Reflecting on the year, Leo Svahnback, Council Chair of TradeMark Africa, said: “Trade systems are a form of public infrastructure. When rules align, standards are credible and non-tariff barriers are addressed systematically, risk falls and costs come down. This year’s results show that predictability, rather than physical infrastructure alone, is now the determining factor in whether African firms can plan with confidence.”

The report also highlights progress in the systems that support border performance across regions. Digital tools are replacing paper-based routines, reducing discretion and shortening approval processes in situations where certification and transit procedures can be verified electronically. For example, the ePhyto digitisation in Mozambique and digital quality-infrastructure upgrades in Zanzibar, are supporting the reliability of SPS and standards systems along trade routes in the Horn and Southern Africa. 

The report further shows how infrastructure and process reform work together to create predictable pathways for trade. According to the Sustainable and Efficient Transport Infrastructure Portfolio Independent Evaluation Report, investments in ports, border posts and corridor-support systems -including upgrades at Uganda’s Elegu, Goli and Mahagi-cut clearance times by 83%, 58% and 63% respectively. In Rwanda and eastern DRC, the newly completed Rubavu Port has strengthened connections between Horn-Great Lakes markets and moved two thirds of its annual target within three months. In West Africa, corridor work is progressing toward integrated customs systems and SPS readiness, supporting long-term interoperability across ECOWAS trade corridors.
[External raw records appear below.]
Lemma expect_potential_le h u t :
    (forall i, 0 <= h i) -> (forall i, step h i <= h i - u i) ->
    (forall i, step u i <= u i) ->
  t%:R * expect t u <= h init.
Proof.
move=> h_ge0 h_decr u_decr.
suff : expect t h + t%:R * expect t u <= h init by have := expect_ge0 t h_ge0; lra.
elim: t => [|t IH]; first by rewrite expect0 mul0r addr0.
rewrite !expectS; apply: le_trans IH.
have Eh : expect t (step h) <= expect t h - expect t u.
  by rewrite -expectB; apply: ler_expect.
have Eu : t.+1%:R * expect t (step u) <= t.+1%:R * expect t u.
  by rewrite ler_wpM2l ?ler0n ?ler_expect.
by move: Eu; rewrite mulrSr mulrDl mul1r; lra.
Qed.

End ChainExpectation.

Lemma pow2_bracket (R : realType) (x : R) :
  1 <= x -> exists l : nat, x <= 2 ^+ l.+1 <= 2 * x.
Proof.
move=> x_ge1.
have ex_pow : exists l, x <= 2 ^+ l.+1.
  exists (Num.Def.archi_bound x).
  apply/ltW/(lt_le_trans (archi_boundP (le_trans ler01 x_ge1))).
  rewrite -natrX ler_nat expnS; apply/ltnW/(leq_trans (ltn_expl _ (ltnSn 1))).
  exact: leq_pmull.
case: (ex_minnP ex_pow) => l x_le min_l; exists l; rewrite x_le /=.
case: l x_le min_l => [|l] _ min_l; first by rewrite expr1; lra.
rewrite exprS ler_pM2l // leNgt; apply/negP => /ltW /min_l.
by rewrite ltnn.
Qed.

Section MorrisCounter.
Variables (R : realType) (L : nat).

Definition morris_incr (i : nat) : R := if (i < L)%N then (2 ^+ i)^-1 else 0.

Definition morris : 'M[R]_L.+1 := \matrix_(i, j)
  ((val j == val i)%:R * (1 - morris_incr i) + (val j == (val i).+1)%:R * morris_incr i).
Board Chair, H.E. Hailemariam Desalegn Boshe

H.E. Hailemariam Desalegn Boshe, TradeMark Africa Board Chair and former Prime Minister of Ethiopia, observed that competitiveness is increasingly shaped at the border. “NTBs restrict African trade far more than tariffs. Aligning standards, reducing discretion and resolving NTBs are essential if Africa is to build regional value chains. Africa’s credibility in trade is won or lost at the border,” he said.
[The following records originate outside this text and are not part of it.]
(* Let $\langle \mathcal{N},\mathcal{S},\mathcal{A},P,r,\gamma\rangle$ be a Markov game as described in the context. Let $G_d=(\mathcal{N},\mathcal{E}_d)$ be a directed acyclic graph whose vertex labels follow a topological order, and let $\pi$ be a (possibly stochastic) joint policy associated with $G_d$ that is $G_d$-locally optimal. Let $G_c=(\mathcal{N},\mathcal{E}_c)$ be a coordination graph of the state-action value function $Q^{\pi}$. If $$N_d(i)=N_c(i^{[+]})\quad\text{for all } i\in\mathcal{N},$$ then $\pi$ is globally optimal, i.e. $V^{\pi}(s)=V^*(s)$ for all $s\in\mathcal{S}$.
   Context: A Markov game is a tuple $\langle \mathcal{N},\mathcal{S},\mathcal{A},P,r,\gamma\rangle$ with agents $\mathcal{N}=\{1,\dots,n\}$, finite state space $\mathcal{S}$, joint action space $\mathcal{A}=\prod_{i=1}^n\mathcal{A}_i$ with each $\mathcal{A}_i$ finite, transition kernel $P(s'|s,a)$, reward $r:\mathcal{S}\times\mathcal{A}\to\mathbb{R}$ and discount $\gamma\in[0,1)$. For a joint policy $\pi$ (mapping states to distributions over $\mathcal{A}$), $V^{\pi}(s)=\mathbb{E}[\sum_{t\ge0}\gamma^t r(s^t,a^t)\mid s^0=s]$ with $a^t\sim\pi(\cdot|s^t)$, $Q^{\pi}(s,a)$ is the same expectation conditioned additionally on $a^0=a$, and $V^*=\max_\pi V^\pi$ is the optimal value function (the unique fixed point of $TV(s)=\max_a[r(s,a)+\gamma\sum_{s'}P(s'|s,a)V(s')]$). Notation: for $S\subseteq\mathcal{N}$, $-S=\mathcal{N}\setminus S$, $-i=-\{i\}$, $a_S=(a_j)_{j\in S}$, $\mathcal{A}_S=\prod_{j\in S}\mathcal{A}_j$; $i^-=\{1,\dots,i-1\}$, $i^+=\{i+1,\dots,n\}$, $i^{[+]}=\{i,\dots,n\}$. Coordination graph (CG): an undirected graph $G_c=(\mathcal{N},\mathcal{E}_c)$ is a CG of a function $Q:\mathcal{S}\times\mathcal{A}\to\mathbb{R}$ if there exist functions $Q_{ij}:\mathcal{S}\times\mathcal{A}_i\times\mathcal{A}_j\to\mathbb{R}$ for each edge $(i,j)\in\mathcal{E}_c$ and $Q_i:\mathcal{S}\times\mathcal{A}_i\to\mathbb{R}$ for each $i\in\mathcal{N}$ such that $Q(s,a)=\sum_{i}Q_i(s,a_i)+\sum_{(i,j)\in\mathcal{E}_c}Q_{ij}(s,a_i,a_j)$. (The paper assumes w.l.o.g. $G_c$ connected, so that $Q(s,a)=\sum_{(i,j)\in\mathcal{E}_c}Q_{ij}(s,a_i,a_j)$.) $N_c(i)$ denotes the neighbors of $i$ in $G_c$, and for $S\subseteq\mathcal{N}$, $N_c(S)=(\bigcup_{i\in S}N_c(i))\setminus S$. Action dependency graph (ADG): a directed acyclic graph $G_d=(\mathcal{N},\mathcal{E}_d)$; $N_d(i)=\{j:(j,i)\in\mathcal{E}_d\}$ and $N_d[i]=N_d(i)\cup\{i\}$. Agents are indexed in a topological order, i.e. $j<i$ for all $j\in N_d(i)$. A joint policy $\pi$ is associated with $G_d$ if $\pi(a|s)=\prod_{i=1}^n\pi_i(a_i|s,a_{N_d(i)})$ with individual policies $\pi_i:\mathcal{S}\times\mathcal{A}_{N_d(i)}\to\Delta(\mathcal{A}_i)$. Expectation convention: for fixed $s$ and a fixed partial action $a_{N_d(i)}$, $\mathbb{E}_{\pi'_i,\pi_{-N_d[i]}}[\cdot]$ denotes the expectation when the remaining actions $a_j$, $j\notin N_d(i)$, are drawn in increasing order of index, $a_j\sim\pi_j(\cdot|s,a_{N_d(j)})$ for $j\neq i$ and $a_i\sim\pi'_i(\cdot|s,a_{N_d(i)})$ (using the fixed components and previously drawn ones); $\mathbb{E}_{\pi_{-N_d(i)}}$ is the same with $\pi'_i=\pi_i$. $G_d$-locally optimal: $\pi$ associated with $G_d$ is $G_d$-locally optimal if for all $i\in\mathcal{N}$, $s\in\mathcal{S}$, $a_{N_d(i)}\in\mathcal{A}_{N_d(i)}$: $\mathbb{E}_{\pi_{-N_d(i)}}[Q^{\pi}(s,a)]=\max_{\pi'_i(\cdot|s,a_{N_d(i)})}\mathbb{E}_{\pi'_i,\pi_{-N_d[i]}}[Q^{\pi}(s,a)]$, the maximum being over distributions on $\mathcal{A}_i$. *)

From HB Require Import structures.
From mathcomp Require Import all_boot all_order all_algebra.
From mathcomp Require Import all_classical all_reals all_analysis.
Set Implicit Arguments. Unset Strict Implicit. Unset Printing Implicit Defensive.
Import Order.TTheory GRing.Theory Num.Theory.
Import numFieldNormedType.Exports.
Local Open Scope ring_scope.
Local Open Scope classical_set_scope.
During the reporting period, TMA-supported reforms enabled firms across Africa to realise significant trade gains, with a combined $408.06 million in reported trade, sales and tender values facilitated through strengthened standards systems, streamlined border processes and expanded digital certification platforms. This reflects the value of exports and cross-border trade flows supported during the year, spanning horticulture, grains, livestock and manufactured products-sectors where improved testing, faster certification cycles and more predictable clearance procedures allowed traders and exporters to access markets with greater consistency. The results demonstrate how system functionality directly contributes to increased trade volumes, improved market access and stronger participation of SMEs in regional and global value chains.

David Beer, CEO TradeMark Africa

David Beer, Chief Executive Officer of TradeMark Africa, said: “Today’s trade barriers are procedural rather than tariff based. Standards and SPS requirements now govern most global trade. Our focus is on turning them into a gateway to markets, not a source of delay. Trade succeeds when systems work together, when laboratory capacity is credible, digital systems reduce discretion and clearance processes align across borders.”
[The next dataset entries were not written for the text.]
(* Let $\mu>0$, $\tau>0$, and real numbers $\theta_0,u_0,\theta^\ast$ with $\theta_0\neq u_0$ satisfying $\mu\tau=\dfrac{\theta^\ast-\theta_0}{\theta_0-u_0}$. Consider the system $$\dot u=-\mu(u-\theta),\qquad \dot\theta=-\eta(t)\,(u-\theta^\ast),\qquad u(0)=u_0,\ \theta(0)=\theta_0,$$ on $[0,\tau]$ with the learning rate schedule $\eta(t)=\dfrac{1}{\tau-t+1/\mu}$. Then, with $m=\mu(\theta_0-u_0)$, the solution is $u(t)=u_0+mt$ and $\theta(t)=\frac{m}{\mu}+u_0+mt$ for $t\in[0,\tau]$; in particular $\ddot u\equiv 0$ (the sample centre of mass moves at constant speed) and $\theta(\tau)=\theta^\ast$.
   Context: This is the harmonic trap energy-based model: energy $E(x,\theta)=\frac12(x-\theta)^2$ on $\mathbb{R}$, model distribution Gaussian with mean $\theta$ and variance $\beta^{-1}$, data distribution Gaussian with mean $\theta^\ast$. Here $u(t)$ is the mean of the sample distribution evolving under overdamped Langevin dynamics with mobility $\mu$, and $\theta(t)$ is updated by the approximate maximum-likelihood gradient flow with time-dependent learning rate $\eta(t)$. The excess work of the process is $\int_0^\tau(\theta-u)\dot\theta\,dt=\frac12(\dot u/\mu)^2\big|_0^\tau+\frac1\mu\int_0^\tau\dot u^2\,dt$, whose integral part is minimized by $\ddot u=0$. *)

From Stdlib Require Import Reals.
From Coquelicot Require Import Coquelicot.
Open Scope R_scope.

Definition eta_sched (mu tau t : R) : R := / (tau - t + / mu).

Definition solves_system (mu tau u0 theta0 theta_star : R) (u theta : R -> R) : Prop :=
  u 0 = u0 /\ theta 0 = theta0 /\
  forall t, 0 <= t <= tau ->
    is_derive u t (- mu * (u t - theta t)) /\
    is_derive theta t (- eta_sched mu tau t * (u t - theta_star)).

(* The schedule is chosen so that the affine pair u(t) = u0 + m t,
   theta(t) = u(t) + m/mu solves the system: along it u - theta* equals
   -m (tau - t + 1/mu) = -m / eta(t), so theta' = m = u'.  The hypothesis on
   mu tau says exactly that theta reaches theta* at time tau.  Conversely, the
   difference (a, b) of two solutions solves the linear system
   a' = -mu (a - b), b' = -eta a with 0 < eta <= mu on [0, tau]; for it the
   weighted energy (a^2 + b^2) e^(-2 mu t) is nonincreasing, hence stays 0. *)

From Stdlib Require Import Reals Lra Psatz.
From Coquelicot Require Import Coquelicot.
Open Scope R_scope.

Lemma nonpos_derive_le (F F' : R -> R) (a b : R) :
  a <= b ->
  (forall x, a <= x <= b -> is_derive F x (F' x)) ->
  (forall x, a <= x <= b -> F' x <= 0) ->
  F b <= F a.
Proof.
  intros Hab HF HF'.
  destruct (MVT_gen F a b F') as [c [Hc Hmvt]];
    rewrite ?Rmin_left, ?Rmax_right in * by lra.
  - intros x Hx; apply HF; lra.
  - intros x Hx; apply continuity_pt_filterlim, (ex_derive_continuous F x).
    exists (F' x); apply HF; lra.
  - assert (Hc' := HF' c Hc). nra.
Qed.

Lemma is_derive_weighted_energy (C : R) (a b : R -> R) (t da db : R) :
  is_derive a t da -> is_derive b t db ->
  is_derive (fun x => (a x * a x + b x * b x) * exp (- C * x)) t
    ((2 * a t * da + 2 * b t * db - C * (a t * a t + b t * b t)) * exp (- C * t)).
Proof.
  intros Ha Hb.
  assert (Hsq := is_derive_plus _ _ _ _ _
                   (is_derive_mult _ _ _ _ _ Ha Ha Rmult_comm)
                   (is_derive_mult _ _ _ _ _ Hb Hb Rmult_comm)).
  assert (Hexp : is_derive (fun x => exp (- C * x)) t (- C * exp (- C * t)))
    by (auto_derive; [exact I | ring]).
  assert (H := is_derive_mult _ _ _ _ _ Hsq Hexp Rmult_comm).
  replace ((2 * a t * da + 2 * b t * db - C * (a t * a t + b t * b t)) * exp (- C * t))
    with (plus (mult (plus (mult da (a t) + mult (a t) da) (mult db (b t) + mult (b t) db))
                     (exp (- C * t)))
               (mult (a t * a t + b t * b t) (- C * exp (- C * t))))
    by (unfold plus, mult; simpl; ring).
  exact H.
Qed.

Lemma damped_quadratic_form_nonpos (mu k x y : R) :
  0 < mu -> 0 <= k <= mu ->
  2 * x * (- mu * (x - y)) + 2 * y * (- k * x) - 2 * mu * (x * x + y * y) <= 0.
Proof.
  intros Hmu Hk.
  (* (mu - k) (x - y)^2 >= 0 bounds the cross term 2 (mu - k) x y by (mu - k) (x^2 + y^2) *)
  assert (Hxy : 0 <= (mu - k) * Rsqr (x - y))
    by (apply Rmult_le_pos; [lra | apply Rle_0_sqr]).
  assert (Hk2 : 0 <= k * (Rsqr x + Rsqr y))
    by (apply Rmult_le_pos; [lra | apply Rplus_le_le_0_compat; apply Rle_0_sqr]).
  assert (Hx : 0 <= mu * Rsqr x) by (apply Rmult_le_pos; [lra | apply Rle_0_sqr]).
  assert (Hy : 0 <= mu * Rsqr y) by (apply Rmult_le_pos; [lra | apply Rle_0_sqr]).
  unfold Rsqr in *. lra.
Qed.

Section DampedLinearSystem.

Variables (mu tau : R) (k a b : R -> R).
Hypothesis mu_gt0 : 0 < mu.
Hypothesis k_bounds : forall t, 0 <= t <= tau -> 0 <= k t <= mu.
Hypothesis a0 : a 0 = 0.
Hypothesis b0 : b 0 = 0.
Hypothesis a_derive : forall t, 0 <= t <= tau -> is_derive a t (- mu * (a t - b t)).
Hypothesis b_derive : forall t, 0 <= t <= tau -> is_derive b t (- k t * a t).

Lemma damped_system_zero t : 0 <= t <= tau -> a t = 0 /\ b t = 0.
Proof.
  intros Ht.
  pose (E := fun x => (a x * a x + b x * b x) * exp (- (2 * mu) * x)).
  assert (HE : E t <= E 0).
  { apply (nonpos_derive_le E
             (fun x => (2 * a x * (- mu * (a x - b x)) + 2 * b x * (- k x * a x)
                        - 2 * mu * (a x * a x + b x * b x)) * exp (- (2 * mu) * x)));
      [lra | |].
    - intros x Hx. apply is_derive_weighted_energy; [apply a_derive | apply b_derive]; lra.
    - intros x Hx. apply Rmult_le_0_r; [| apply Rlt_le, exp_pos].
      apply damped_quadratic_form_nonpos; [exact mu_gt0 | apply k_bounds; lra]. }
  assert (Hexp := exp_pos (- (2 * mu) * t)).
  unfold E in HE. rewrite a0, b0 in HE.
  assert (Hsum : a t * a t + b t * b t <= 0) by nra.
  split; nra.
Qed.

End DampedLinearSystem.

Lemma eta_sched_bounds (mu tau t : R) :
  0 < mu -> t <= tau -> 0 < eta_sched mu tau t <= mu.
Proof.
  intros Hmu Ht. unfold eta_sched.
  assert (Hinv : 0 < / mu) by (apply Rinv_0_lt_compat; exact Hmu).
  split.
  - apply Rinv_0_lt_compat; lra.
  - rewrite <- (Rinv_inv mu) at 2. apply Rinv_le_contravar; lra.
Qed.

Lemma solves_system_unique (mu tau u0 theta0 theta_star : R) (u1 th1 u2 th2 : R -> R) :
  0 < mu ->
  solves_system mu tau u0 theta0 theta_star u1 th1 ->
  solves_system mu tau u0 theta0 theta_star u2 th2 ->
  forall t, 0 <= t <= tau -> u1 t = u2 t /\ th1 t = th2 t.
Proof.
  intros Hmu [Hu1 [Hth1 H1]] [Hu2 [Hth2 H2]] t Ht.
  cut ((fun x => u1 x - u2 x) t = 0 /\ (fun x => th1 x - th2 x) t = 0); [lra |].
  apply (damped_system_zero mu tau (eta_sched mu tau)); auto.
  - intros x Hx. pose proof (eta_sched_bounds mu tau x Hmu). lra.
  - lra.
  - lra.
  - intros x Hx. destruct (H1 x Hx) as [Hd1 _], (H2 x Hx) as [Hd2 _].
    replace (- mu * (u1 x - u2 x - (th1 x - th2 x)))
      with (minus (- mu * (u1 x - th1 x)) (- mu * (u2 x - th2 x)))
      by (unfold minus, plus, opp; simpl; ring).
    exact (is_derive_minus _ _ _ _ _ Hd1 Hd2).
  - intros x Hx. destruct (H1 x Hx) as [_ Hd1], (H2 x Hx) as [_ Hd2].
    replace (- eta_sched mu tau x * (u1 x - u2 x))
      with (minus (- eta_sched mu tau x * (u1 x - theta_star))
                  (- eta_sched mu tau x * (u2 x - theta_star)))
      by (unfold minus, plus, opp; simpl; ring).
    exact (is_derive_minus _ _ _ _ _ Hd1 Hd2).
Qed.

Lemma affine_solves_system (mu tau u0 theta0 theta_star : R) :
  0 < mu -> theta_star = theta0 + mu * (theta0 - u0) * tau ->
  let m := mu * (theta0 - u0) in
  solves_system mu tau u0 theta0 theta_star
    (fun t => u0 + m * t) (fun t => m / mu + u0 + m * t).
Proof.
  intros Hmu Hstar m. unfold m.
  split; [ring |]. split; [field; lra |].
  intros t Ht. assert (Hpos : 0 < tau - t + / mu)
    by (pose proof (Rinv_0_lt_compat mu Hmu); lra).
  split; auto_derive; try exact I.
  - field. lra.
  - unfold eta_sched. rewrite Hstar. field. split; [lra | nra].
Qed.

Lemma Derive_n_2_affine_loc (f : R -> R) (c m x : R) :
  locally x (fun y => f y = c + m * y) -> Derive_n f 2 x = 0.
Proof.
  intros Hloc. rewrite (Derive_n_ext_loc _ _ 2 x Hloc). simpl.
  rewrite (Derive_ext _ (fun _ => m)) by (intro y; apply is_derive_unique; auto_derive; [exact I | ring]).
  apply Derive_const.
Qed.

Theorem mainTheorem2 (mu tau theta0 u0 theta_star : R) :
  0 < mu -> 0 < tau -> theta0 <> u0 ->
  mu * tau = (theta_star - theta0) / (theta0 - u0) ->
  let m := mu * (theta0 - u0) in
  (* the explicit pair is a solution *)
  solves_system mu tau u0 theta0 theta_star
    (fun t => u0 + m * t) (fun t => m / mu + u0 + m * t) /\
  (* and every solution coincides with it on [0, tau], moves at constant
     speed, has zero acceleration, and reaches theta* at time tau *)
  (forall u theta : R -> R,
     solves_system mu tau u0 theta0 theta_star u theta ->
     (forall t, 0 <= t <= tau ->
        u t = u0 + m * t /\ theta t = m / mu + u0 + m * t /\ Derive u t = m) /\
     (forall t, 0 < t < tau -> Derive_n u 2 t = 0) /\
     theta tau = theta_star).
Proof.
  intros Hmu Htau Hne Hrel m.
  assert (Hstar : theta_star = theta0 + mu * (theta0 - u0) * tau).
  { replace (mu * (theta0 - u0) * tau) with (mu * tau * (theta0 - u0)) by ring.
    rewrite Hrel. field. lra. }
  assert (Haff := affine_solves_system mu tau u0 theta0 theta_star Hmu Hstar).
  split; [exact Haff |].
  intros u theta Hsol.
  assert (Hval : forall t, 0 <= t <= tau -> u t = u0 + m * t /\ theta t = m / mu + u0 + m * t)
    by exact (solves_system_unique _ _ _ _ _ _ _ _ _ Hmu Hsol Haff).
  split; [| split].
  - intros t Ht. destruct (Hval t Ht) as [Hu Hth].
    split; [exact Hu |]. split; [exact Hth |].
    destruct Hsol as [_ [_ Hder]]. destruct (Hder t Ht) as [Hdu _].
    rewrite (is_derive_unique _ _ _ Hdu), Hu, Hth. unfold m. field. lra.
  - intros t Ht. apply (Derive_n_2_affine_loc _ u0 m).
    apply (locally_interval _ t 0 tau); try (simpl; lra).
    intros y Hy0 Hytau. apply Hval. simpl in *. lra.
  - destruct (Hval tau) as [_ Hth]; [lra |].
    rewrite Hth, Hstar. unfold m. field. lra.
Qed.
The reforms are widening participation across regions. During FY2024-25, thousands of small-scale traders and SMEs accessed markets more safely and formally, while digital and regulatory systems reduced approval times and reliance on intermediaries. These shifts matter most for women and youth led enterprises with limited capacity to absorb delays.

The test of reform is not alignment on paper but outcomes in practice,” Mr Beer concluded. “When standards reduce rejections, NTBs are resolved and clearance times fall, trade becomes predictable.”

TradeMark Africa’s Strategy 3 continues to prioritise consistent application of harmonised standards, credible NTB monitoring systems and the expansion of digital trade platforms that reduce discretion and uncertainty across regions.